## What you should do:
The listing that follows must be retyped in full, exactly.

## Records for the task:
Lemma pcomponents_ind (P : A -> Prop) (a : A) : P (pzero D n) ->
  (forall b c, P b -> P c -> P (padd b c)) -> (forall i, P (pinj (a i))) -> P a.
Proof.
move=> P0 PD Pa; pose part (l : seq I) : A := fun i => if i \in l then a i else 0.
suff Ppart l : uniq l -> P (part l).
  have -> : a = part (enum I) by apply: functional_extensionality_dep => i; rewrite /part mem_enum.
  exact/Ppart/enum_uniq.
elim: l => [_|i l IHl /= /andP [il ul]].
  by have -> : part [::] = pzero D n by apply: functional_extensionality_dep.
have -> : part (i :: l) = padd (pinj (a i)) (part l).
  apply: functional_extensionality_dep => k; rewrite /padd /part inE.
  have [<-|ne] := eqVneq i k; first by rewrite pinj_id (negbTE il) addr0.
  by rewrite pinj_neq // add0r.
exact/PD/IHl.
Qed.

Definition component_ops (B : A -> Prop) i (a : 'M[D i]_(n i)) := exists2 b, B b & a = b i.

End Product.
Arguments component_ops {I D n} B i a.

Section Density.
Variables (I : finType) (D : I -> unitRingType) (n : I -> nat).
Hypothesis hD : forall i, division_ring (D i).
Arguments hD : clear implicits.
Variables (g : forall i, nat -> 'cV[D i]_(n i) -> Prop) (s : I -> nat).
Arguments g : clear implicits.
Hypothesis hg : forall i : I, is_flagn (g i) (s i).
Local Notation A := (prodmx D n).

Definition pshifts k (a : A) := forall i, shifts (g i) (s i) k (a i).
Local Notation A' := (pshifts 0).

Lemma pshiftsW k a : pshifts k a -> A' a.
Proof. by move=> sa i; apply: (shiftsW (hg i)); apply: sa. Qed.

Lemma pshifts_zero k : pshifts k (pzero D n).
Proof. by move=> i; apply: (shifts_zero (hg i)). Qed.

Lemma pshifts_one : A' (pone D n).
Proof. by move=> i; apply: shifts_one. Qed.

## Result:
Lemma pcomponents_ind (P : A -> Prop) (a : A) : P (pzero D n) ->
  (forall b c, P b -> P c -> P (padd b c)) -> (forall i, P (pinj (a i))) -> P a.
Proof.
move=> P0 PD Pa; pose part (l : seq I) : A := fun i => if i \in l then a i else 0.
suff Ppart l : uniq l -> P (part l).
  have -> : a = part (enum I) by apply: functional_extensionality_dep => i; rewrite /part mem_enum.
  exact/Ppart/enum_uniq.
elim: l => [_|i l IHl /= /andP [il ul]].
  by have -> : part [::] = pzero D n by apply: functional_extensionality_dep.
have -> : part (i :: l) = padd (pinj (a i)) (part l).
  apply: functional_extensionality_dep => k; rewrite /padd /part inE.
  have [<-|ne] := eqVneq i k; first by rewrite pinj_id (negbTE il) addr0.
  by rewrite pinj_neq // add0r.
exact/PD/IHl.
Qed.

Definition component_ops (B : A -> Prop) i (a : 'M[D i]_(n i)) := exists2 b, B b & a = b i.

End Product.
Arguments component_ops {I D n} B i a.

Section Density.
Variables (I : finType) (D : I -> unitRingType) (n : I -> nat).
Hypothesis hD : forall i, division_ring (D i).
Arguments hD : clear implicits.
Variables (g : forall i, nat -> 'cV[D i]_(n i) -> Prop) (s : I -> nat).
Arguments g : clear implicits.
Hypothesis hg : forall i : I, is_flagn (g i) (s i).
Local Notation A := (prodmx D n).

Definition pshifts k (a : A) := forall i, shifts (g i) (s i) k (a i).
Local Notation A' := (pshifts 0).

Lemma pshiftsW k a : pshifts k a -> A' a.
Proof. by move=> sa i; apply: (shiftsW (hg i)); apply: sa. Qed.

Lemma pshifts_zero k : pshifts k (pzero D n).
Proof. by move=> i; apply: (shifts_zero (hg i)). Qed.

Lemma pshifts_one : A' (pone D n).
Proof. by move=> i; apply: shifts_one. Qed.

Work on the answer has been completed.